• **REQUIREMENT**:
Copy out every line of the data where the word "such" is found.

---------- DATASET EXCERPTS

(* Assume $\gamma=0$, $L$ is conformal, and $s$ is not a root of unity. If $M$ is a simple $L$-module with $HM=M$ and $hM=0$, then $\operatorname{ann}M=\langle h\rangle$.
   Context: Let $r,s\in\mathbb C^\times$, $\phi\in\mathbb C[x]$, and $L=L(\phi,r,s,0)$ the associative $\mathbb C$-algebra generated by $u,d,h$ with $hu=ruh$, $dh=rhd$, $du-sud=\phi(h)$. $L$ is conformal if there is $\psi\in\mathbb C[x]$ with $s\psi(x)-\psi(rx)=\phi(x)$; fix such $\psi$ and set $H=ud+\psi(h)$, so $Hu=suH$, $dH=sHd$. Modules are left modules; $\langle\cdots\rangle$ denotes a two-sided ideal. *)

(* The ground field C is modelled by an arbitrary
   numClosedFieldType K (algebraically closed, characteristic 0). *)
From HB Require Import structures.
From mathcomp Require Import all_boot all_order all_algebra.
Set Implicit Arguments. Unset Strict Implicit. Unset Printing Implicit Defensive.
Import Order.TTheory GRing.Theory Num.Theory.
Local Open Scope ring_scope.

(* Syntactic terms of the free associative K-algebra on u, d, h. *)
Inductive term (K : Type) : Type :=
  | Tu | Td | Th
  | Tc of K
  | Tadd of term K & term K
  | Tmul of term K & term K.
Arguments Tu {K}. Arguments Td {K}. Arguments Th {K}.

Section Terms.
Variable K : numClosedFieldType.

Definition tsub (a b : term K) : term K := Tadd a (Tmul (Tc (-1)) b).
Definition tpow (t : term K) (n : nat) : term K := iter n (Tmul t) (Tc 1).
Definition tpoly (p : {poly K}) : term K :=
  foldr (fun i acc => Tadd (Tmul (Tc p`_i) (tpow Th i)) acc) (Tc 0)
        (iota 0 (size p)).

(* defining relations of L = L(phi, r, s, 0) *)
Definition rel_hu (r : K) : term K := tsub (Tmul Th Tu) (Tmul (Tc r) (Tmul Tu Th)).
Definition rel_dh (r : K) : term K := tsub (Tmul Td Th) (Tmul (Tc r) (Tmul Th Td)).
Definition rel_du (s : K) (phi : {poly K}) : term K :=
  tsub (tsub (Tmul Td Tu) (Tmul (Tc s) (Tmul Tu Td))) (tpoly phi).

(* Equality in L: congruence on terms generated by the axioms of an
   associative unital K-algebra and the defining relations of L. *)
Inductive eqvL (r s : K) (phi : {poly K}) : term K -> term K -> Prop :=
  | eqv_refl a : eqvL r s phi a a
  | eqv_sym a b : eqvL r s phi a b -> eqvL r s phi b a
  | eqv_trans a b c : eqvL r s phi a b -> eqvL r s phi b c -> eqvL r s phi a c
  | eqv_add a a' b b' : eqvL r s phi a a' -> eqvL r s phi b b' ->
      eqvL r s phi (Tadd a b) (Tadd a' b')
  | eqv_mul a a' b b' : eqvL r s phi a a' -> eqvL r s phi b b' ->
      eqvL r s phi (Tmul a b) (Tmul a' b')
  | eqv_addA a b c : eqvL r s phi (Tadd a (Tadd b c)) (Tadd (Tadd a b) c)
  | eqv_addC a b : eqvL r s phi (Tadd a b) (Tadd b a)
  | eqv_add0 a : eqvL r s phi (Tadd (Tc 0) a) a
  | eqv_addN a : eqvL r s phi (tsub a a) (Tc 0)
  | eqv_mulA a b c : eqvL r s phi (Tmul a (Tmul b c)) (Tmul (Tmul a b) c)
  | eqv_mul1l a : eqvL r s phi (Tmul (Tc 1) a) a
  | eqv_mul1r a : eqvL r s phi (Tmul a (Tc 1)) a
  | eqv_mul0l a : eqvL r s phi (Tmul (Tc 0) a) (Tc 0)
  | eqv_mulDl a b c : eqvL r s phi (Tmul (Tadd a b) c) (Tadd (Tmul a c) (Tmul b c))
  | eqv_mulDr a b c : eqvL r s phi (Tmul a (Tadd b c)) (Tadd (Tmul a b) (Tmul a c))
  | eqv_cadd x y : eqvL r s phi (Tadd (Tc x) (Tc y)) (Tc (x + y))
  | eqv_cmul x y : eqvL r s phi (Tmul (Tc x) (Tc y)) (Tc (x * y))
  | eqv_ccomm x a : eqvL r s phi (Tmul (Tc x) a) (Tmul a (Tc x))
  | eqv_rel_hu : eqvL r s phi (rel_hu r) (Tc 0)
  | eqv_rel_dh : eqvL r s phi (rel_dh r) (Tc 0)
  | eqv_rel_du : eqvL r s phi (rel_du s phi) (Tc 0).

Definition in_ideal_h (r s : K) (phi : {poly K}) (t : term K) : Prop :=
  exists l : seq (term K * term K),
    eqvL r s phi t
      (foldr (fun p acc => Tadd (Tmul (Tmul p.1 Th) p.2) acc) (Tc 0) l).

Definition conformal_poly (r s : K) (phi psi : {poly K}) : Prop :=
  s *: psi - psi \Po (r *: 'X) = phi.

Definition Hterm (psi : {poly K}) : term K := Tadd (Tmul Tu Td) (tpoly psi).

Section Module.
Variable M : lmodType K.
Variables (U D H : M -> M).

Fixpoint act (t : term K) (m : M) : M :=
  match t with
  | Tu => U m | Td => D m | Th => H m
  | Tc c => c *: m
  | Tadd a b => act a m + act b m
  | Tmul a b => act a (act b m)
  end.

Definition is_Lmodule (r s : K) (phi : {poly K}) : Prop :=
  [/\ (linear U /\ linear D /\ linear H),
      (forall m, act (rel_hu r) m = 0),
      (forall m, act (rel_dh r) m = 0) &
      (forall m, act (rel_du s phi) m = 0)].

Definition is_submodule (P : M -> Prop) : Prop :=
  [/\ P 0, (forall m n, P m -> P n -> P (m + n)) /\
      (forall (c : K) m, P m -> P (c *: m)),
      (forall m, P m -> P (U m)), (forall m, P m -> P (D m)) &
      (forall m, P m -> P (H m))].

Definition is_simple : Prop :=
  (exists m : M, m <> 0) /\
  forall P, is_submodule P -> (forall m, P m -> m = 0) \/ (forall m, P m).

--------------------
---------- DATASET EXCERPTS

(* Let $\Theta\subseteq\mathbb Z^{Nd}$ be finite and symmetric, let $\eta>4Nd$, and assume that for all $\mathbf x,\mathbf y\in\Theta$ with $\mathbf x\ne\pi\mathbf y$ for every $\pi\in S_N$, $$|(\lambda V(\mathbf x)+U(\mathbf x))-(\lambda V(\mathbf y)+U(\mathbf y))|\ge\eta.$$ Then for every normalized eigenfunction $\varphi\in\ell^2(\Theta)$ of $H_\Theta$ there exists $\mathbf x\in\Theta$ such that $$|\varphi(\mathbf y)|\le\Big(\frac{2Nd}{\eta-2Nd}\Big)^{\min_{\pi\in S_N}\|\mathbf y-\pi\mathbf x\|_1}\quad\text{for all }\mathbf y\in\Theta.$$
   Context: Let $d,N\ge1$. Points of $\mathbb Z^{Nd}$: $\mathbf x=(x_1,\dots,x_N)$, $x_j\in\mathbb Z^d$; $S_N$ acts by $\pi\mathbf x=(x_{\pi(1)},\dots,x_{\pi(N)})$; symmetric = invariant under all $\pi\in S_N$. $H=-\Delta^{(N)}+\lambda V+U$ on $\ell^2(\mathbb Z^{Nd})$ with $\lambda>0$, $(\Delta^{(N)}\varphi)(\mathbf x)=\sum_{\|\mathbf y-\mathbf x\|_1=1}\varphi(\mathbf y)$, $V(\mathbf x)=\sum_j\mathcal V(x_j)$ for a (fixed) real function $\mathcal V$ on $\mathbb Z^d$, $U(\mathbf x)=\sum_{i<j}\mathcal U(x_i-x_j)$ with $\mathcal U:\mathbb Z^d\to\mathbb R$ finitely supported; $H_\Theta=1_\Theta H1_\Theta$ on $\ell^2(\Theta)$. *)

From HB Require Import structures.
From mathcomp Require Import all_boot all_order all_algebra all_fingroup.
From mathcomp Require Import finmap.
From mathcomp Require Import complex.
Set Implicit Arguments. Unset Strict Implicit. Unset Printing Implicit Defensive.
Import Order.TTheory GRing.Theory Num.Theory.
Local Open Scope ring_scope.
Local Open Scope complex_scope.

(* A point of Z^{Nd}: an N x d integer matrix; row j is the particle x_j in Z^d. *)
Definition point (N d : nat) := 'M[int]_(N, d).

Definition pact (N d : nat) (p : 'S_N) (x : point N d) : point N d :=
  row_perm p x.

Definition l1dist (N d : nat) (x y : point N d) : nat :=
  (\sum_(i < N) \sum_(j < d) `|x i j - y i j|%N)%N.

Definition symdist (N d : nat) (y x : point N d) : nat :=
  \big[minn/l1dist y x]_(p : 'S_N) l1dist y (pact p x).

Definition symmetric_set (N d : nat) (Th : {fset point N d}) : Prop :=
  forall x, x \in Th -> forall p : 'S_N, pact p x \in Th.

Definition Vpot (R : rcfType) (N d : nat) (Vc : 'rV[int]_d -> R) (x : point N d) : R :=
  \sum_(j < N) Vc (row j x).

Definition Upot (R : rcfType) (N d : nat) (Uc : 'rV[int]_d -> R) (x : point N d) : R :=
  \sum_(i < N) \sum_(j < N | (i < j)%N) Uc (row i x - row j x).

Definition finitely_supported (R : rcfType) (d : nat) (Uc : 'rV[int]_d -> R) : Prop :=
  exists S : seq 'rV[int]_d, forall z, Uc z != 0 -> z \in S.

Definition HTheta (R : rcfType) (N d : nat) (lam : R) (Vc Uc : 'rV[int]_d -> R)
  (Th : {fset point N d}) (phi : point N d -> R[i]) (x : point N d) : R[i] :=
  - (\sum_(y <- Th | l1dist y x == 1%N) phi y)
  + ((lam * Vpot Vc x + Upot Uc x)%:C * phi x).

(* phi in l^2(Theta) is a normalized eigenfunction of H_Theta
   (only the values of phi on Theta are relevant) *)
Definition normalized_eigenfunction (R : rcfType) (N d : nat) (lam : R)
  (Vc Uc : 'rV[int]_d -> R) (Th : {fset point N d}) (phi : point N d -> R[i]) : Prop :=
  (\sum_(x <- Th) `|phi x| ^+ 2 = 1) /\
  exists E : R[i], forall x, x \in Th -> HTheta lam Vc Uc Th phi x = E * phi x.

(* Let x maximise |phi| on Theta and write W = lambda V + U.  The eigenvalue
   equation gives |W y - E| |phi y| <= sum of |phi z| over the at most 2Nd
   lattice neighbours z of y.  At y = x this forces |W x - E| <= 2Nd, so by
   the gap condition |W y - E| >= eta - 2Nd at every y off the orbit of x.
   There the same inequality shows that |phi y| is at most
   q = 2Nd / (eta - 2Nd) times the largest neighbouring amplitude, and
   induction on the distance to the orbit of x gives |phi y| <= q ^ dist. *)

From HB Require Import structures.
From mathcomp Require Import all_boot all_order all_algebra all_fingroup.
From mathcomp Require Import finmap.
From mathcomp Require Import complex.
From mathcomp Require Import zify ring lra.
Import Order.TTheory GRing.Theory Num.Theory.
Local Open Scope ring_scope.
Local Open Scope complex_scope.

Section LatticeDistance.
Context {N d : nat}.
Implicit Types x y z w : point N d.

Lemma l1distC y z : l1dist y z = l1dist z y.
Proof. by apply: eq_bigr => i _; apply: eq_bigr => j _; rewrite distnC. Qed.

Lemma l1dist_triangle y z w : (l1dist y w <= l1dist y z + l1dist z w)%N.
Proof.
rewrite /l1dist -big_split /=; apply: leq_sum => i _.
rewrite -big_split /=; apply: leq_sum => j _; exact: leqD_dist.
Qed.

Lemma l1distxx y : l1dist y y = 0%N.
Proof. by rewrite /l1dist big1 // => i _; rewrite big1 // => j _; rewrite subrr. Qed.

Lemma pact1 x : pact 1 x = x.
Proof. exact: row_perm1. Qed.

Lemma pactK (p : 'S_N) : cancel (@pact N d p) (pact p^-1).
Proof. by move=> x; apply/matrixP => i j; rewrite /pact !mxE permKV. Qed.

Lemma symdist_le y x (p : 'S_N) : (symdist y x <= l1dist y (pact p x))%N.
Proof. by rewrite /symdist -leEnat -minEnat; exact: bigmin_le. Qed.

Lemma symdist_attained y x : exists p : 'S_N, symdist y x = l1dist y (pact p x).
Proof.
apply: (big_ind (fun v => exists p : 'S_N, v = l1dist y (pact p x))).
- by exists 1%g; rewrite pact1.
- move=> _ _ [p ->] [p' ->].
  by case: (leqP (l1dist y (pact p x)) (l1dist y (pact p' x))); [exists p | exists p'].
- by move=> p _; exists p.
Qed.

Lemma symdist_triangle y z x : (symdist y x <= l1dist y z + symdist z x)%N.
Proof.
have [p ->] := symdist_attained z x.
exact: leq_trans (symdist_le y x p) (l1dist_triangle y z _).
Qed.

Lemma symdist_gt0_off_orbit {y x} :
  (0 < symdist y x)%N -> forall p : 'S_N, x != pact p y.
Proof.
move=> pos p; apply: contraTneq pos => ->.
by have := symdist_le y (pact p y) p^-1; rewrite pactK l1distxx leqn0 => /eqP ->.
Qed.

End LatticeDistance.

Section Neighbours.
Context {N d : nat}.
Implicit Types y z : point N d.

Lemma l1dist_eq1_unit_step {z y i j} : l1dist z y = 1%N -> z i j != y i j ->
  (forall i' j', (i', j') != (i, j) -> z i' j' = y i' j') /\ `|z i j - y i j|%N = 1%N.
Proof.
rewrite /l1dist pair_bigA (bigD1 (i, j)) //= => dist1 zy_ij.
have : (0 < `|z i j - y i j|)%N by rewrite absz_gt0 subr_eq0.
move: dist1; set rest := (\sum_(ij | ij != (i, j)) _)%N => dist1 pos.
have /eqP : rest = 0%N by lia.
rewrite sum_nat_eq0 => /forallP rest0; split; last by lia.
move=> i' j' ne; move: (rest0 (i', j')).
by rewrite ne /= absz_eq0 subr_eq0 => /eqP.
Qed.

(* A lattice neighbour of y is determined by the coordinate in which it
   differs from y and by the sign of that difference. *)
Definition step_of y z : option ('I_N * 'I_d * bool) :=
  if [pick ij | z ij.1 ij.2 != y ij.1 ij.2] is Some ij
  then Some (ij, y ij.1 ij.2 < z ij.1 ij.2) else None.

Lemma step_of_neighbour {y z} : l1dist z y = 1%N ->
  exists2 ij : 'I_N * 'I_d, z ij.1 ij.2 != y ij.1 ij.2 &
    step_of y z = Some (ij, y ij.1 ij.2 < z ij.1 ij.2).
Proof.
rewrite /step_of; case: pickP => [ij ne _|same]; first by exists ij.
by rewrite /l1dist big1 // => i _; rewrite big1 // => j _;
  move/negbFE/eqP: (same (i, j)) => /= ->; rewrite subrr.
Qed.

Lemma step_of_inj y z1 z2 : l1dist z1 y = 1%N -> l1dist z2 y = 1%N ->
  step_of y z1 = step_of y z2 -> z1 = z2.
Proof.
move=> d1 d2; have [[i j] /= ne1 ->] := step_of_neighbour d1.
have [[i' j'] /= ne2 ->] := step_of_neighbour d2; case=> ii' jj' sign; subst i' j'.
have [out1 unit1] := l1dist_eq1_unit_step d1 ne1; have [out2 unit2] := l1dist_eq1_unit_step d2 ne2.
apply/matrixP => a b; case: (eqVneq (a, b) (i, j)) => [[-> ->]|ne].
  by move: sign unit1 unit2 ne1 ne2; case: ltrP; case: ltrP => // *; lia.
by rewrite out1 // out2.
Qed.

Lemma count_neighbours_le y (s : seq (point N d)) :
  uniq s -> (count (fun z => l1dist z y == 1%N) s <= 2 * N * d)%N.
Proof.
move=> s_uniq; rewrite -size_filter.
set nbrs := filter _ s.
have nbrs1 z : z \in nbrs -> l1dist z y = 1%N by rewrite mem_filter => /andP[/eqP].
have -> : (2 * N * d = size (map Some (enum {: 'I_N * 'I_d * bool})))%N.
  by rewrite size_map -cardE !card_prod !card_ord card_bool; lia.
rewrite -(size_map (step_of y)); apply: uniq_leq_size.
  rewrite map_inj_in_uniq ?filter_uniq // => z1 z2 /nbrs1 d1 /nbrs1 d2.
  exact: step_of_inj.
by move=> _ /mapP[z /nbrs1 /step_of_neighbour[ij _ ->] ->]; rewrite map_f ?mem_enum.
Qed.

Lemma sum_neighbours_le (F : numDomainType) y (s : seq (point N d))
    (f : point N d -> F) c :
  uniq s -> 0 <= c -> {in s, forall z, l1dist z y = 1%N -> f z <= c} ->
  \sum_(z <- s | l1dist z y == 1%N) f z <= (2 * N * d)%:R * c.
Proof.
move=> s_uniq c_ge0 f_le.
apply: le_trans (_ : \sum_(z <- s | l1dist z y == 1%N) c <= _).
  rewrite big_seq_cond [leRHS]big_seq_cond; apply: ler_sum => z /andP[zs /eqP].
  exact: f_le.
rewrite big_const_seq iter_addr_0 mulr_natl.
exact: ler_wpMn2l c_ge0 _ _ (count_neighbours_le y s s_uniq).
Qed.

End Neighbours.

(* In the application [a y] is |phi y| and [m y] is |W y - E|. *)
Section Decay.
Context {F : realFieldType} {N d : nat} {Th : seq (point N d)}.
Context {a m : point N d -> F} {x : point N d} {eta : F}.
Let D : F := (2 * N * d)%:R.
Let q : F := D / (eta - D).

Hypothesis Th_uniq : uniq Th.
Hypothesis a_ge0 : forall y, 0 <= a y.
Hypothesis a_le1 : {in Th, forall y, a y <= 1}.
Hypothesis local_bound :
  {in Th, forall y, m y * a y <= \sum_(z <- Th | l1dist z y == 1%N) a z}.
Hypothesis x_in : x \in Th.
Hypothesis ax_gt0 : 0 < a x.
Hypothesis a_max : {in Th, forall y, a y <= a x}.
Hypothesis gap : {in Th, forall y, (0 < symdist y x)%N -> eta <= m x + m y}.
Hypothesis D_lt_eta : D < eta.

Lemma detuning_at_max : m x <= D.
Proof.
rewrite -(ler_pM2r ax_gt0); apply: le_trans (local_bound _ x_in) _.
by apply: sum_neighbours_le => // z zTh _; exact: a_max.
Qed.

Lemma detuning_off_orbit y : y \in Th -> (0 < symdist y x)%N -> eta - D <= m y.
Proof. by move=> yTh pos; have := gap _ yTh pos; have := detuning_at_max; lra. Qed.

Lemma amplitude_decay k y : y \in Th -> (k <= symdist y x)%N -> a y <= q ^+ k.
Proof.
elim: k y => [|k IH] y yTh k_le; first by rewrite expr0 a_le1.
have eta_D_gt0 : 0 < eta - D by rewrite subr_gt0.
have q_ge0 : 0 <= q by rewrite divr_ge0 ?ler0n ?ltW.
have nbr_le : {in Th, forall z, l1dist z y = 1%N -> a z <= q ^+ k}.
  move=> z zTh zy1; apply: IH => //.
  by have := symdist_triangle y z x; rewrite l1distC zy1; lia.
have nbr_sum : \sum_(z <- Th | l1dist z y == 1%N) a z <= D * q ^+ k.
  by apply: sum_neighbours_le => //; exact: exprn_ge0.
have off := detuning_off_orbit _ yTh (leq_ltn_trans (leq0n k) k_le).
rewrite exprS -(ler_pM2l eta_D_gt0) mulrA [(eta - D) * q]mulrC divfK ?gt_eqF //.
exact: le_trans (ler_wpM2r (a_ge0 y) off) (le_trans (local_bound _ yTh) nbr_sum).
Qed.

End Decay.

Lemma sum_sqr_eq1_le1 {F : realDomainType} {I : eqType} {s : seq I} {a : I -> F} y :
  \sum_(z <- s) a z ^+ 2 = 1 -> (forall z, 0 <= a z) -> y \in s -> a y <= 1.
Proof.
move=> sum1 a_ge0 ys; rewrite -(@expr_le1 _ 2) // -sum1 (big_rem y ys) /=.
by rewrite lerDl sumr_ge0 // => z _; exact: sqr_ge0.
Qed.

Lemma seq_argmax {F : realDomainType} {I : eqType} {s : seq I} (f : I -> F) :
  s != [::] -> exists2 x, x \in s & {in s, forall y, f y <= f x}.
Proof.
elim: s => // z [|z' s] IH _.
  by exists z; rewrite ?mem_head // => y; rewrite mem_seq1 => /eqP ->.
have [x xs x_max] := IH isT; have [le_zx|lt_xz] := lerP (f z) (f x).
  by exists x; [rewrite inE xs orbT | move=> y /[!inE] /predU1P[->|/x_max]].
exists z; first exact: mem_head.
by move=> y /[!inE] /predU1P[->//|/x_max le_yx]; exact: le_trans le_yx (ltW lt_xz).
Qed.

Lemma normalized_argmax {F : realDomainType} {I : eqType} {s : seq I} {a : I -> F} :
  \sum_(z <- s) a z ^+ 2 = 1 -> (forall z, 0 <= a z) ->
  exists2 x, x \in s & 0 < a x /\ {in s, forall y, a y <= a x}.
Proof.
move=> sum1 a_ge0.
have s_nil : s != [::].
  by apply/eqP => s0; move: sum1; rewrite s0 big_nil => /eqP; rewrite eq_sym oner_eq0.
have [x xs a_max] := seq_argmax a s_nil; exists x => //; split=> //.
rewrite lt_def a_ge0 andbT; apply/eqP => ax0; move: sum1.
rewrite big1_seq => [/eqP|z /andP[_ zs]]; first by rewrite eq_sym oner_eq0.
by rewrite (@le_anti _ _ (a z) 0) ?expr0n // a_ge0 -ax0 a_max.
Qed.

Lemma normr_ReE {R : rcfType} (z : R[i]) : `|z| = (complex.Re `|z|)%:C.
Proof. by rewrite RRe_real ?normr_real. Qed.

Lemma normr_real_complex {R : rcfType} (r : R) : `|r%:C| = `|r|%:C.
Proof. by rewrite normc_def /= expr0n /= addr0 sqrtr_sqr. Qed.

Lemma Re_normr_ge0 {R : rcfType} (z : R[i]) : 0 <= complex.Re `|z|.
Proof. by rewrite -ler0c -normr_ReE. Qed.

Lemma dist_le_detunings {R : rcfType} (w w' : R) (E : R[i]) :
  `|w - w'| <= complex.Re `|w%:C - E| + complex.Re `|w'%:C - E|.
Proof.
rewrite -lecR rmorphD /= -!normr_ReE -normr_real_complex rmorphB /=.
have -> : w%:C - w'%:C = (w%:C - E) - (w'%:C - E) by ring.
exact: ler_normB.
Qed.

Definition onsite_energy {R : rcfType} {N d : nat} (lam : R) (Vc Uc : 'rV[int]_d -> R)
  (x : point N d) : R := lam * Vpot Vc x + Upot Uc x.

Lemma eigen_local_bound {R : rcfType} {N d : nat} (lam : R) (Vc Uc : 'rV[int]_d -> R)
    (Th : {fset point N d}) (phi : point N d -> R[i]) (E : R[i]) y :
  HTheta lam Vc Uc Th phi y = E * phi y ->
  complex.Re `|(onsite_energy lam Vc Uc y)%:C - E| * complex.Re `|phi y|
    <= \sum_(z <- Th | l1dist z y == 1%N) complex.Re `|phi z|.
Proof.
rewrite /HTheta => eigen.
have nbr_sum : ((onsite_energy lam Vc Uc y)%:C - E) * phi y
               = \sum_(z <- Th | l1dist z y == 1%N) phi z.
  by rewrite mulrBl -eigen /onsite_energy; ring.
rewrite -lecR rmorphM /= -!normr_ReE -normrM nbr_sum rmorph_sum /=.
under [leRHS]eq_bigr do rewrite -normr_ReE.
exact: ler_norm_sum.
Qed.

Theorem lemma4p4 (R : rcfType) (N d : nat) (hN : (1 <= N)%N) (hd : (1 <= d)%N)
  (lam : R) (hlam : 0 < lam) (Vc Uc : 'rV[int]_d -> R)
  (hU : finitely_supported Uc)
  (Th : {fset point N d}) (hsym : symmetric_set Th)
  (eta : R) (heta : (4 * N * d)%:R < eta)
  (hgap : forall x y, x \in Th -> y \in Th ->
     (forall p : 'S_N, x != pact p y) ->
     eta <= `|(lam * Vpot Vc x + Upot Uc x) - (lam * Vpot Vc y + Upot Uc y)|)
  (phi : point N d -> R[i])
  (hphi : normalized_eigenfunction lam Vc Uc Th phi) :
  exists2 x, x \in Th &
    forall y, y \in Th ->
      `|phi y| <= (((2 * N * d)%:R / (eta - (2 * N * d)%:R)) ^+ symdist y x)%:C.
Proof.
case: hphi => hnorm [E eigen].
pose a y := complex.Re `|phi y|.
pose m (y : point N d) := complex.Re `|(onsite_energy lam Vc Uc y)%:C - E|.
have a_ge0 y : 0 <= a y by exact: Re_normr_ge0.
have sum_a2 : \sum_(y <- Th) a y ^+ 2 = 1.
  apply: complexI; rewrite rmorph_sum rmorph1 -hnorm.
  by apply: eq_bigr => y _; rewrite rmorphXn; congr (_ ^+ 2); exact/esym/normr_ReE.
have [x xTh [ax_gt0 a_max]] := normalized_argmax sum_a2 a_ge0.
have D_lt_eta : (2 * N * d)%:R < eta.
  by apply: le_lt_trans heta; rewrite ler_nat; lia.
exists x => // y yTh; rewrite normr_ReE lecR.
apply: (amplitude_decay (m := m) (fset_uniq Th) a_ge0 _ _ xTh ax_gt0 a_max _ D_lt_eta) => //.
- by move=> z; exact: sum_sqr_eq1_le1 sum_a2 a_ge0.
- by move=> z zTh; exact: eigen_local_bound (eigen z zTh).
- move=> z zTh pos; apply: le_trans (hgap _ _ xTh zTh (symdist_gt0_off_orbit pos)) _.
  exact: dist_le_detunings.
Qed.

--------------------

• **RESULT OF THE EXERCISE**:
   Context: Let $r,s\in\mathbb C^\times$, $\phi\in\mathbb C[x]$, and $L=L(\phi,r,s,0)$ the associative $\mathbb C$-algebra generated by $u,d,h$ with $hu=ruh$, $dh=rhd$, $du-sud=\phi(h)$. $L$ is conformal if there is $\psi\in\mathbb C[x]$ with $s\psi(x)-\psi(rx)=\phi(x)$; fix such $\psi$ and set $H=ud+\psi(h)$, so $Hu=suH$, $dH=sHd$. Modules are left modules; $\langle\cdots\rangle$ denotes a two-sided ideal. *)
(* Let $\Theta\subseteq\mathbb Z^{Nd}$ be finite and symmetric, let $\eta>4Nd$, and assume that for all $\mathbf x,\mathbf y\in\Theta$ with $\mathbf x\ne\pi\mathbf y$ for every $\pi\in S_N$, $$|(\lambda V(\mathbf x)+U(\mathbf x))-(\lambda V(\mathbf y)+U(\mathbf y))|\ge\eta.$$ Then for every normalized eigenfunction $\varphi\in\ell^2(\Theta)$ of $H_\Theta$ there exists $\mathbf x\in\Theta$ such that $$|\varphi(\mathbf y)|\le\Big(\frac{2Nd}{\eta-2Nd}\Big)^{\min_{\pi\in S_N}\|\mathbf y-\pi\mathbf x\|_1}\quad\text{for all }\mathbf y\in\Theta.$$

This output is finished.